If the Royals allow Shields to walk via free agency, which he will be upon the conclusion of the 2014 season, then many will likely look at that blockbuster of a trade over a year ago as a bust for the Royals. Then again, some already do view the trade that way because even though the Royals desperately needed pitching help for last season and even though they had a deep enough farm system to absorb the losses – what the hell is the point if you aren’t going to make any efforts to sign James Shields to a contract extension?
Maybe you make him a qualifying offer and are able to nab a compensation pick in the 2015 Amateur Draft as a result of him leaving. Is that really the best your fan base should hope for or expect? You make one of the biggest trades in franchise history and the impression being given is that you may not even try to extend the target of your affection?

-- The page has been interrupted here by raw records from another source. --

(* Let $t:\Sigma^*\to\Omega^*$ be a rational partial function with suffix-closed domain. If $X\subseteq\mathrm{dom}(t)$ is a context-free language and $t(X)$ has exponential growth, then $X$ has exponential $t$-growth and exponential $\overleftarrow{t}$-growth.
   Context: A partial function is rational if its graph is a rational subset of $\Sigma^*\times\Omega^*$. Suffix-closed: closed under taking suffixes. The suffix expansion $\overleftarrow{t}$ maps $a_1\cdots a_n\in\mathrm{dom}(t)$ to the sequence $(t(a_1\cdots a_n),t(a_2\cdots a_n),\dots,t(a_n))$. For a partial function $f$ and $X\subseteq\mathrm{dom}(f)$, the $f$-growth of $X$ is $n\mapsto|f(X\cap\Sigma^{\le n})|$; the growth of a language $Y\subseteq\Omega^*$ is $n\mapsto|Y\cap\Omega^{\le n}|$. A function $\gamma$ grows exponentially if there is $c>1$ with $\gamma(n)\ge c^n$ for infinitely many $n$. *)

From mathcomp Require Import all_boot.
From Stdlib Require Import Reals ClassicalEpsilon.
Set Implicit Arguments. Unset Strict Implicit. Unset Printing Implicit Defensive.

Section Rational.
Variables (Sigma Omega : finType).

Inductive ratexp :=
  | RNone
  | RAtom of seq Sigma & seq Omega
  | RUnion of ratexp & ratexp
  | RCat of ratexp & ratexp
  | RStar of ratexp.

Inductive rsem : ratexp -> seq Sigma -> seq Omega -> Prop :=
  | rsem_atom u v : rsem (RAtom u v) u v
  | rsem_unionl e f u v : rsem e u v -> rsem (RUnion e f) u v
  | rsem_unionr e f u v : rsem f u v -> rsem (RUnion e f) u v
  | rsem_cat e f u1 v1 u2 v2 : rsem e u1 v1 -> rsem f u2 v2 ->
      rsem (RCat e f) (u1 ++ u2) (v1 ++ v2)
  | rsem_star_nil e : rsem (RStar e) [::] [::]
  | rsem_star_cons e u1 v1 u2 v2 : rsem e u1 v1 -> rsem (RStar e) u2 v2 ->
      rsem (RStar e) (u1 ++ u2) (v1 ++ v2).

Definition rational_fun (t : seq Sigma -> option (seq Omega)) : Prop :=
  exists e : ratexp, forall u v, t u = Some v <-> rsem e u v.

End Rational.

Definition in_dom (A B : Type) (t : seq A -> option B) (u : seq A) : Prop :=
  t u <> None.

Definition suffix_closed_dom (A B : Type) (t : seq A -> option B) : Prop :=
  forall u v : seq A, in_dom t (u ++ v) -> in_dom t v.

(* suffix expansion: a1..an |-> (t(a1..an), t(a2..an), ..., t(an)) on dom t.
   (On a suffix-closed domain every entry is defined; odflt is never used there.) *)
Definition suffix_expansion (A B : Type) (t : seq A -> option (seq B))
  (w : seq A) : option (seq (seq B)) :=
  if t w is Some _ then
    Some (map (fun k => odflt [::] (t (drop k w))) (iota 0 (size w)))
  else None.

Section CFG.
Variable (Sigma : finType).

Inductive derives (k : nat) (P : seq ('I_k * seq ('I_k + Sigma)%type))
  : seq ('I_k + Sigma)%type -> seq Sigma -> Prop :=
  | der_nil : derives P [::] [::]
  | der_term a s w : derives P s w -> derives P (inr a :: s) (a :: w)
  | der_nonterm A rhs s w1 w2 : (A, rhs) \in P -> derives P rhs w1 ->
      derives P s w2 -> derives P (inl A :: s) (w1 ++ w2).

Definition context_free (X : pred (seq Sigma)) : Prop :=
  exists (k : nat) (S : 'I_k) (P : seq ('I_k * seq ('I_k + Sigma)%type)),
    forall w, X w <-> derives P [:: inl S] w.

End CFG.

Definition words_upto (A : finType) (n : nat) : seq (seq A) :=
  flatten (map (fun k => map (@tval k A) (enum {: k.-tuple A})) (iota 0 n.+1)).

Definition pb (P : Prop) : bool :=
  if excluded_middle_informative P then true else false.

Definition fgrowth (A : finType) (B : eqType) (f : seq A -> option B)
  (X : pred (seq A)) (n : nat) : nat :=
  size (undup (pmap f (filter X (words_upto A n)))).

Definition lang_growth (B : finType) (Y : seq B -> Prop) (n : nat) : nat :=
  count (fun v => pb (Y v)) (words_upto B n).

Definition image_lang (A B : Type) (f : seq A -> option B) (X : pred (seq A)) : B -> Prop :=
  fun v => exists u, X u /\ f u = Some v.

Definition grows_exponentially (g : nat -> nat) : Prop :=
  exists c : R, (1 < c)%R /\
    forall N : nat, exists n : nat, (N <= n)%N /\ (c ^ n <= INR (g n))%R.
Lemma descending_run_end p : p < size w -> exists2 r, p <= r < size w &
  (forall j, p <= j < r -> nth 0 w j.+1 < nth 0 w j) /\
  (r.+1 < size w -> nth 0 w r <= nth 0 w r.+1).
Proof.
move=> p_lt; have [d] : exists d, size w = p + d.+1 by exists (size w - p.+1); lia.
elim: d p p_lt => [|d IHd] p p_lt size_w.
  by exists p; [lia | split=> [j|]; lia].
case: (ltnP (nth 0 w p.+1) (nth 0 w p)) => [desc_p|asc_p]; last first.
  by exists p; [lia | split=> [j|]; lia].
have [r r_range [run_r end_r]] := IHd p.+1 ltac:(lia) ltac:(lia).
exists r; first lia; split=> // j j_range.
by case: (j =P p) => [->//|ne_jp]; apply: run_r; lia.
Qed.

Variables p r : nat.
Hypothesis r_lt : r < size w.
Hypothesis run : forall j, p <= j < r -> nth 0 w j.+1 < nth 0 w j.

Lemma descending_run_ge k : k <= r - p -> nth 0 w r + k <= nth 0 w (r - k).
Proof.
elim: k => [|k IHk] k_le; first by rewrite subn0 addn0.
have E : r - k = (r - k.+1).+1 by lia.
by have := run (j := r - k.+1) ltac:(lia); have := IHk ltac:(lia); rewrite -E; lia.
Qed.

Hypothesis unit_w : unit_descents w.

Lemma unit_descending_run k : k <= r - p -> nth 0 w (r - k) = nth 0 w r + k.
Proof.
elim: k => [|k IHk] k_le; first by rewrite subn0 addn0.
have E : r - k = (r - k.+1).+1 by lia.
have desc_k : nth 0 w (r - k) < nth 0 w (r - k.+1) by rewrite E; apply: run; lia.
have := @unit_w (r - k.+1) ltac:(lia); rewrite -E => /(_ desc_k) ->.
by rewrite IHk ?addnS //; lia.
Qed.

Hypothesis uniq_w : uniq w.
Hypothesis end_r : r.+1 < size w -> nth 0 w r <= nth 0 w r.+1.

(* The run p..r descends to [nth 0 w r] by unit steps, and after r a unit
   descent can never come back down to that value. *)
Lemma unit_descending_run_min q : p <= q < size w -> nth 0 w r <= nth 0 w q.
Proof.
case/andP=> le_pq q_lt; case: (leqP q r) => [le_qr | lt_rq].
  by have := unit_descending_run (k := r - q) ltac:(lia); rewrite subKn //; lia.
have after_r d : r + d.+1 < size w -> nth 0 w r < nth 0 w (r + d.+1).
  elim: d => [|d IHd] d_lt.
    have := end_r ltac:(lia); rewrite addn1 leq_eqVlt => /orP[/eqP eq_r|//].
    by have := nth_uniq 0 r_lt d_lt uniq_w; rewrite addn1 eq_r eqxx; lia.
  have lt_d := IHd ltac:(lia); rewrite ltnNge; apply/negP => ge_d.
  have := @unit_w (r + d.+1) ltac:(lia); rewrite -addnS => /(_ ltac:(lia)) eq_d.
  have := nth_uniq 0 d_lt r_lt uniq_w.
  by rewrite (_ : nth 0 w (r + d.+2) = nth 0 w r) ?eqxx => [/esym/eqP|]; lia.
by have := after_r (q - r.+1) ltac:(lia); rewrite (_ : r + _ = q) //; lia.
Qed.

End DescendingRuns.

Lemma unit_descents_lsd w : is_perm_word w -> unit_descents w -> lsd w.
Proof.
move=> perm_w unit_w; split=> // t perm_t size_t desc_t.
apply: lexle_nth => // p p_lt eq_prefix.
(* t descends along the run p..r of w as well, so t_p >= t_r + (r - p), while
   w_p = w_r + (r - p) and t_r is a value of w found at or after p. *)
have [r r_range [run_w end_r]] := descending_run_end p_lt.
have r_lt : r < size w by case/andP: r_range.
have r_lt_t : r < size t by rewrite size_t.
have run_t j : p <= j < r -> nth 0 t j.+1 < nth 0 t j.
  by move=> j_range; rewrite (eq_desc_nth size_t desc_t) ?run_w //; lia.
have := unit_descending_run r_lt run_w unit_w (leqnn (r - p)).
have := descending_run_ge r_lt_t run_t (leqnn (r - p)).
rewrite subKn; last by case/andP: r_range.
suff : nth 0 w r <= nth 0 t r by lia.
have tr_in_w : nth 0 t r \in w.
  by rewrite (perm_word_mem _ perm_w) -size_t -(perm_word_mem _ perm_t) mem_nth // size_t.
rewrite -(nth_index 0 tr_in_w).
apply: (unit_descending_run_min r_lt run_w unit_w (perm_word_uniq perm_w) end_r).
rewrite index_mem tr_in_w andbT leqNgt; apply/negP => q_lt_p.
have := eq_prefix _ q_lt_p; rewrite nth_index // => eq_tq.
have q_lt_t : index (nth 0 t r) w < size t by rewrite size_t index_mem.
have := nth_uniq 0 r_lt_t q_lt_t (perm_word_uniq perm_t).
by rewrite -eq_tq eqxx => /esym/eqP; lia.
Qed.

The goal with Shields is to make the playoffs for the first time since 1985 and so far all they’ve accomplished is having their first winning season since 2003. They won 86 games last season and finished seven games out of first place in the American League Central and six games back of a wild-card spot. Even if they manage to earn a postseason berth this season one playoff appearance for all that was given up for Shields doesn’t exactly scream ‘quality return’.

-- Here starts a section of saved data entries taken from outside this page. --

(* Let $\alpha>0$. Then there exists a unique $\tilde\theta_\alpha\in(0,\theta^+_\alpha)\cap(0,\frac\pi4)$ such that $L(\alpha,\tilde\theta_\alpha)=0$.
   Context: For $\alpha>0$ and $\theta\in\mathbb{R}$ set $C_{\alpha,\theta}=\frac{\sin(2\theta)}{2\alpha}$ and $P_{\alpha,\theta}(x)=\alpha^2+\cos(2\theta)x^2-C_{\alpha,\theta}^2x^4$. Let $\theta^+_\alpha=\pi/2$ if $\alpha>1$, and $\theta^+_\alpha=\frac12\arccos(1-2\alpha^2)$ if $\alpha\le1$. Let $\Omega=\{(\alpha,\theta):\alpha>0,|\theta|<\theta^+_\alpha\}$; on $\Omega$ one has $P_{\alpha,\theta}>0$ on $[-1,1]$. For $(\alpha,\theta)\in\Omega$ define $$L(\alpha,\theta)=\int_{-1}^1\frac{2\alpha C_{\alpha,\theta}^2x^2-\alpha\cos(2\theta)+C_{\alpha,\theta}^2x^2\sqrt{P_{\alpha,\theta}(x)}}{\sqrt{(1-x^2)P_{\alpha,\theta}(x)}\,\big(\alpha+\sqrt{P_{\alpha,\theta}(x)}\big)}\,dx.$$ *)

From Stdlib Require Import Reals.
From Coquelicot Require Import Coquelicot.
Open Scope R_scope.

Definition Cc (alpha theta : R) : R := sin (2 * theta) / (2 * alpha).

Definition Pp (alpha theta x : R) : R :=
  alpha ^ 2 + cos (2 * theta) * x ^ 2 - (Cc alpha theta) ^ 2 * x ^ 4.

Definition theta_plus (alpha : R) : R :=
  if Rlt_dec 1 alpha then PI / 2 else / 2 * acos (1 - 2 * alpha ^ 2).

Definition L_integrand (alpha theta x : R) : R :=
  (2 * alpha * (Cc alpha theta) ^ 2 * x ^ 2 - alpha * cos (2 * theta)
     + (Cc alpha theta) ^ 2 * x ^ 2 * sqrt (Pp alpha theta x))
  / (sqrt ((1 - x ^ 2) * Pp alpha theta x) * (alpha + sqrt (Pp alpha theta x))).

Definition L (alpha theta : R) : R :=
  RInt_gen (L_integrand alpha theta) (at_right (-1)) (at_left 1).

From Stdlib Require Import Reals Lra Psatz.
From Coquelicot Require Import Coquelicot.
Open Scope R_scope.

(** The substitution [x = sin t] turns [L(α,θ)] into the proper integral over
    [(-π/2, π/2)] of a continuous integrand, as long as [cos 2θ > 1 - 2α²].
    On that range, and for [0 ≤ θ ≤ π/4], the integrand is pointwise strictly
    increasing in [θ] (since [C²] increases and [cos 2θ] decreases), so [L(α,·)]
    has at most one zero; it is negative at [θ = 0].  If [2α² > 1] it is positive
    at [θ = π/4 < θ⁺].  If [2α² ≤ 1], then at [θ = θ⁺] the polynomial [P] becomes
    [(1 - x²)(α² + (1 - α²)x²)] and the integrand dominates [α²/cos t - 1/α],
    whose integral diverges; so an integral truncated close to [±π/2] is positive,
    and by continuity [L(α,θ) > 0] for [θ] slightly below [θ⁺], the tails being
    nonnegative there.  The intermediate value theorem gives the zero. *)

Lemma continuity_2d_pt_pow f x y n :
  continuity_2d_pt f x y -> continuity_2d_pt (fun u v => f u v ^ n) x y.
Proof.
  intros Hf; induction n as [|n IH]; simpl.
  - apply continuity_2d_pt_const.
  - now apply continuity_2d_pt_mult.
Qed.

Lemma continuity_2d_pt_lift1 p x y :
  continuity_pt p x -> continuity_2d_pt (fun u _ => p u) x y.
Proof.
  intros Hp. apply (continuity_1d_2d_pt_comp p (fun u _ => u)); [exact Hp|].
  apply continuity_2d_pt_id1.
Qed.

Lemma continuity_2d_pt_partial1 f x y :
  continuity_2d_pt f x y -> continuity_pt (fun u => f u y) x.
Proof.
  intros Hf eps Heps. destruct (Hf (mkposreal eps Heps)) as [d Hd].
  exists d; split; [apply cond_pos|]. intros z [_ Hz]. apply Hd; [exact Hz|].
  rewrite Rminus_eq_0, Rabs_R0; apply cond_pos.
Qed.

Lemma continuity_2d_pt_partial2 f x y :
  continuity_2d_pt f x y -> continuity_pt (f x) y.
Proof.
  intros Hf eps Heps. destruct (Hf (mkposreal eps Heps)) as [d Hd].
  exists d; split; [apply cond_pos|]. intros z [_ Hz]. apply Hd; [|exact Hz].
  rewrite Rminus_eq_0, Rabs_R0; apply cond_pos.
Qed.

Ltac continuity_2d :=
  repeat first
    [ assumption | apply continuity_2d_pt_plus | apply continuity_2d_pt_minus
    | apply continuity_2d_pt_opp | apply continuity_2d_pt_mult
    | apply continuity_2d_pt_pow | apply continuity_2d_pt_const
    | apply continuity_2d_pt_id1 | apply continuity_2d_pt_id2
    | apply (continuity_1d_2d_pt_comp sin); [apply continuity_sin|]
    | apply (continuity_1d_2d_pt_comp cos); [apply continuity_cos|]
    | apply continuity_2d_pt_lift1; assumption ].

Lemma continuity_pt_locally_pos f c :
  continuity_pt f c -> 0 < f c -> exists r, 0 < r /\ forall x, Rabs (x - c) < r -> 0 < f x.
Proof.
  intros Hf Hc. destruct (Hf (f c) Hc) as [r [Hr Hball]].
  exists r; split; [exact Hr|]. intros x Hx.
  destruct (Req_dec x c) as [->|Hne]; [exact Hc|].
  assert (Hd : Rabs (f x - f c) < f c) by (apply Hball; split; [split; [exact I | auto] | exact Hx]).
  apply Rabs_def2 in Hd. lra.
Qed.

Lemma ball_R_Rabs (x : R) (e : posreal) y : ball x e y -> Rabs (y - x) < e.
Proof. intros H; exact H. Qed.

Lemma Rabs_ball_R (x : R) (e : posreal) y : Rabs (y - x) < e -> ball x e y.
Proof. intros H; exact H. Qed.

Lemma at_right_interval a b : a < b -> at_right a (fun x => a < x < b).
Proof.
  intros Hab. exists (mkposreal (b - a) ltac:(lra)). intros y Hy Hay.
  apply ball_R_Rabs, Rabs_def2 in Hy. simpl in Hy. lra.
Qed.

Lemma at_left_interval a b : a < b -> at_left b (fun x => a < x < b).
Proof.
  intros Hab. exists (mkposreal (b - a) ltac:(lra)). intros y Hy Hyb.
  apply ball_R_Rabs, Rabs_def2 in Hy. simpl in Hy. lra.
Qed.

Lemma filter_prod_unit_interval (P : R * R -> Prop) :
  (forall u v, -1 < u < 0 -> 0 < v < 1 -> P (u, v)) ->
  filter_prod (at_right (-1)) (at_left 1) P.
Proof.
  intros HP. exists (fun x => -1 < x < 0) (fun x => 0 < x < 1).
  - apply at_right_interval; lra.
  - apply at_left_interval; lra.
  - exact HP.
Qed.

Lemma locally_interval a b x : a < x < b -> locally x (fun y => a < y < b).
Proof.
  intros Hx. assert (Hd : 0 < Rmin (x - a) (b - x)) by (apply Rmin_glb_lt; lra).
  exists (mkposreal _ Hd). intros y Hy. apply ball_R_Rabs, Rabs_def2 in Hy. simpl in Hy.
  pose proof (Rmin_l (x - a) (b - x)). pose proof (Rmin_r (x - a) (b - x)). lra.
Qed.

The Royals do have some exciting young pitching coming through the pipeline in Yordano Ventura and Kyle Zimmer, but your expected rotation for 2014 has just one pitcher who’s a near lock to have success – James Shields. The rest, aside from Yordano Ventura if he makes the rotation, is a who’s who of aging veterans who could provide you quality innings here or there but you’re not really sure what you’re going to get on a given night.
If 2014 is indeed the final season that Shields wears that powder blue for the Royals many fans will be left wondering if it was worth it; regardless of whether the Royals make the playoffs or not. It’s a fair question to ask considering the Royals gave up an outfield bat with 30+ home run potential and hustle along with a pitching prospect that is major league ready and will likely wind up a staple in the Rays rotation at the onset of this season.

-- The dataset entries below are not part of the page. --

(* [lab] lists the colours [f 0], [f 1], ... renamed by their positions in [st]. *)
Definition encodes (st lab : seq nat) : Prop :=
  [/\ uniq st, {subset st <= palette} &
      forall i, i < size lab -> nth 0 lab i < size st /\ f i = nth 0 st (nth 0 lab i)].

Lemma size_encoding st : uniq st -> {subset st <= palette} -> size st <= k.
Proof.
move=> uniq_st st_palette; apply: leq_trans small_palette.
by apply: uniq_leq_size => // x /st_palette; rewrite mem_undup.
Qed.

Lemma encodes_rcons st lab (x := f (size lab)) :
  encodes st lab -> encodes (extend st x) (rcons lab (index x st)).
Proof.
case=> uniq_st st_palette enc; split.
- exact: extend_uniq.
- exact: subset_extend st_palette (f_palette _).
move=> i; rewrite size_rcons ltnS leq_eqVlt nth_rcons => /predU1P[-> | lt_i].
  by rewrite ltnn eqxx -index_extend index_mem nth_index ?mem_extend.
have [lt_lab ->] := enc i lt_i; rewrite lt_i nth_extend //.
by split=> //; rewrite size_extend leq_max lt_lab.
Qed.

Lemma encodes_square_free st lab p :
  encodes st lab -> p \in cands -> ~~ repeats_on lab p.
Proof.
case=> _ _ enc p_cands; apply/negP=> /andP[/allP labelled sq].
suff f_p : map f p = map (nth 0 st) (map (nth 0 lab) p).
  by have := square_map (nth 0 st) sq; rewrite -f_p; apply/negP/cands_square_free.
rewrite -map_comp; apply/eq_in_map=> i /labelled /enc[_ ->] //.
Qed.

Lemma search_encoded_false fuel st lab : encodes st lab -> ~~ search fuel (size st) lab.
Proof.
elim: fuel st lab => [//|fuel IH] st lab enc /=.
set x := f (size lab); have enc' : encodes (extend st x) (rcons lab (index x st)).
  exact: encodes_rcons.
apply/allPn; exists (index x st).
  have [uniq_st' st'_palette _] := enc'.
  rewrite mem_iota leq_min ltnS index_size /= -index_extend.
  by apply: leq_trans (size_encoding uniq_st' st'_palette); rewrite index_mem mem_extend.
have -> : has (repeats_on (rcons lab (index x st))) cands = false.
  by apply/hasPn => p; apply: encodes_square_free enc'.
by rewrite -size_extend; apply: IH.
Qed.

Lemma search_empty_false fuel : ~~ search fuel 0 [::].
Proof. by apply: (@search_encoded_false fuel [::] [::]); split. Qed.

End CanonicalSearch.

Lemma nonrep_colouring_search_bound n (e : rel 'I_n.+1) (cands : seq (seq nat)) k :
  {in cands, forall p, graph_path e (map inord p)} ->
  search k cands n.+1 0 [::] ->
  forall c, nonrep_colouring e c -> k < num_colours c.
Proof.
move=> cands_paths search_ok c nonrep_c; rewrite ltnNge; apply/negP=> few_colours.
apply/negP: search_ok.
apply: (search_empty_false (f := c \o inord) (palette := map c (enum 'I_n.+1))).
- by move=> i; apply: map_f; rewrite mem_enum.
- exact: few_colours.
move=> p /cands_paths path_p; rewrite map_comp.
exact: nonrep_colouring_square_free path_p.
Qed.

Section PlaneGeometry.
Local Open Scope R_scope.

Definition seg (a b : point) (t : R) : point :=
  (a.1 + t * (b.1 - a.1), a.2 + t * (b.2 - a.2)).

Definition cross (a b c : point) : R :=
  (b.1 - a.1) * (c.2 - a.2) - (b.2 - a.2) * (c.1 - a.1).

Lemma seg0 a b : seg a b 0 = a.
Proof. by case: a => a1 a2; rewrite /seg /=; f_equal; ring. Qed.

Lemma seg1 a b : seg a b 1 = b.
Proof. by case: a b => a1 a2 [b1 b2]; rewrite /seg /=; f_equal; ring. Qed.

Lemma seg_inj a b s t : a <> b -> seg a b s = seg a b t -> s = t.
Proof.
case: a b => a1 a2 [b1 b2] neq_ab [/= eq1 eq2].
have [// | neq_st] := Req_dec s t; case: neq_ab.
have neq_st0 : s - t <> 0 by lra.
by f_equal; apply: (Rmult_eq_reg_l (s - t)) => //; nra.
Qed.

Lemma pdist_seg a b s t : pdist (seg a b s) (seg a b t) = Rabs (s - t) * pdist a b.
Proof.
rewrite /pdist /seg /= -sqrt_Rsqr_abs -sqrt_mult_alt; last exact: Rle_0_sqr.
by congr sqrt; rewrite /Rsqr; ring.
Qed.

Lemma cont01_seg a b : cont01 (seg a b).
Proof.
move=> t _ eps eps_gt0; have d_ge0 : 0 <= pdist a b by apply: sqrt_pos.
have d1_gt0 : 0 < pdist a b + 1 by lra.
exists (eps / (pdist a b + 1)); split=> [|s _ near_st].
  exact: Rdiv_lt_0_compat.
have := Rmult_lt_compat_r _ _ _ d1_gt0 near_st.
rewrite pdist_seg /Rdiv Rmult_assoc Rinv_l ?Rmult_1_r; last lra.
by have := Rabs_pos (s - t); nra.
Qed.

Lemma cross_seg a b t : cross a b (seg a b t) = 0.
Proof. by rewrite /cross /seg /=; ring. Qed.

Lemma cross_seg_convex a b c d t :
  cross a b (seg c d t) = (1 - t) * cross a b c + t * cross a b d.
Proof. by rewrite /cross /seg /=; ring. Qed.

Lemma convex_comb_neq0 x y t :
  0 <= x * y -> 0 < x * x + y * y -> 0 < t < 1 -> (1 - t) * x + t * y <> 0.
Proof.
move=> xy_ge0 sq_gt0 t01 comb0.
(* Multiplied by [x] or by [y], the combination is a sum of nonnegative terms. *)
have xx_ge0 : 0 <= (1 - t) * (x * x) by apply: Rmult_le_pos; [lra | apply: Rle_0_sqr].
have yy_ge0 : 0 <= t * (y * y) by apply: Rmult_le_pos; [lra | apply: Rle_0_sqr].
have xy1_ge0 : 0 <= (1 - t) * (x * y) by apply: Rmult_le_pos; lra.
have xy2_ge0 : 0 <= t * (x * y) by apply: Rmult_le_pos; lra.
have ex : x * ((1 - t) * x + t * y) = (1 - t) * (x * x) + t * (x * y) by ring.
have ey : y * ((1 - t) * x + t * y) = (1 - t) * (x * y) + t * (y * y) by ring.
rewrite comb0 Rmult_0_r in ex ey.
have xx0 : x * x = 0 by apply: (Rmult_eq_reg_l (1 - t)); lra.
have yy0 : y * y = 0 by apply: (Rmult_eq_reg_l t); lra.
lra.
Qed.

Definition of_Z2 (p : Z * Z) : point := (IZR p.1, IZR p.2).

Definition crossZ (a b c : Z * Z) : Z :=
  ((b.1 - a.1) * (c.2 - a.2) - (b.2 - a.2) * (c.1 - a.1))%Z.

(* The open segment [c d] misses the line [a b]: [c] and [d] lie weakly on the
   same side of it and not both on it. *)
Definition off_line (a b c d : Z * Z) : bool :=
  let x := crossZ a b c in let y := crossZ a b d in
  (0 <=? x * y)%Z && (0 <? x * x + y * y)%Z.

Lemma of_Z2_inj : injective of_Z2.
Proof. by case=> [a1 a2] [b1 b2] [/eq_IZR -> /eq_IZR ->]. Qed.

Lemma cross_of_Z2 a b c : cross (of_Z2 a) (of_Z2 b) (of_Z2 c) = IZR (crossZ a b c).
Proof. by rewrite /crossZ minus_IZR !mult_IZR !minus_IZR. Qed.

Lemma seg_off_line a b c d (t t' : R) : off_line a b c d -> 0 < t' < 1 ->
  seg (of_Z2 a) (of_Z2 b) t <> seg (of_Z2 c) (of_Z2 d) t'.
Proof.
case/andP=> /Z.leb_le/IZR_le + /Z.ltb_lt/IZR_lt + t'01 eq_seg.
rewrite plus_IZR !mult_IZR => xy_ge0 sq_gt0.
have := cross_seg (of_Z2 a) (of_Z2 b) t.
by rewrite eq_seg cross_seg_convex !cross_of_Z2; apply: convex_comb_neq0 t'01.
Qed.

Section StraightLineDrawing.

Variables (n : nat) (e : rel 'I_n) (pz : 'I_n -> Z * Z).
Hypothesis e_irr : irreflexive e.
Hypothesis pz_inj : injective pz.
Hypothesis edges_avoid_vertices : forall u v w, e u v ->
  [|| w == u, w == v | crossZ (pz u) (pz v) (pz w) != 0%Z].
Hypothesis edges_separated : forall u v u' v', e u v -> e u' v' ->
  [|| (u == u') && (v == v'), (u == v') && (v == u'),
      off_line (pz u) (pz v) (pz u') (pz v') | off_line (pz u') (pz v') (pz u) (pz v)].

Let pos (u : 'I_n) : point := of_Z2 (pz u).

Lemma pos_inj : injective pos.
Proof. by move=> u v /of_Z2_inj /pz_inj. Qed.

Lemma edge_ends_neq u v : e u v -> pos u <> pos v.
Proof. by move=> e_uv /pos_inj eq_uv; move: e_uv; rewrite eq_uv e_irr. Qed.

What if the Royals had never made the trade for Shields though?
They were unlikely to win the 86 games they did without Shields in 2013 but they would also be set up quite nicely for the 2014 season and beyond. Imagine a Royals rotation with the likes of Jake Odorizzi, Yordano Ventura, Danny Duffy, Jeremy Guthrie and a Jason Vargas or other similar pitcher until Kyle Zimmer is ready. Instead the Royals are missing out on Odorizzi who is likely to outperform two-thirds of the Royals rotation alone this season.
Imagine a lineup that includes Wil Myers and an outfield that has Alex Gordon in left field, Lorenzon Cain in center field and of course, Wil Myers in right field. Maybe the tradeoff of keeping Wil Myers and Jake Odorizzi evens out not having James Shields for the 2013 season or maybe it doesn’t, but it certainly would be better than having just Shields this season or beyond. The Royals were 12th in overall production according to fWAR, with a lot of that coming from the sheer volume of innings covered, but their offense was incredibly mediocre.
If the Royals are to make the playoffs, even as a wild-card team, this season then they will be relying on marked improvements from hitters such as Mike Moustakas, Alcides Escobar, Lorenzo Cain and even Billy Butler. If General Manager Dayton Moore would have displayed just a touch more patience the offense wouldn’t be a concern heading into the 2014 season and their 2014 rotation would have three young, extremely talented arms making their mark on the American League (Yordano Ventura, Jake Odorizzi and Danny Duffy) while veterans like Jeremy Guthrie and Jason Vargas.
The 2014 Royals may have actually been much better if Dayton Moore didn’t pull the trigger on the imbalanced trade that brought James Shields to Kansas City.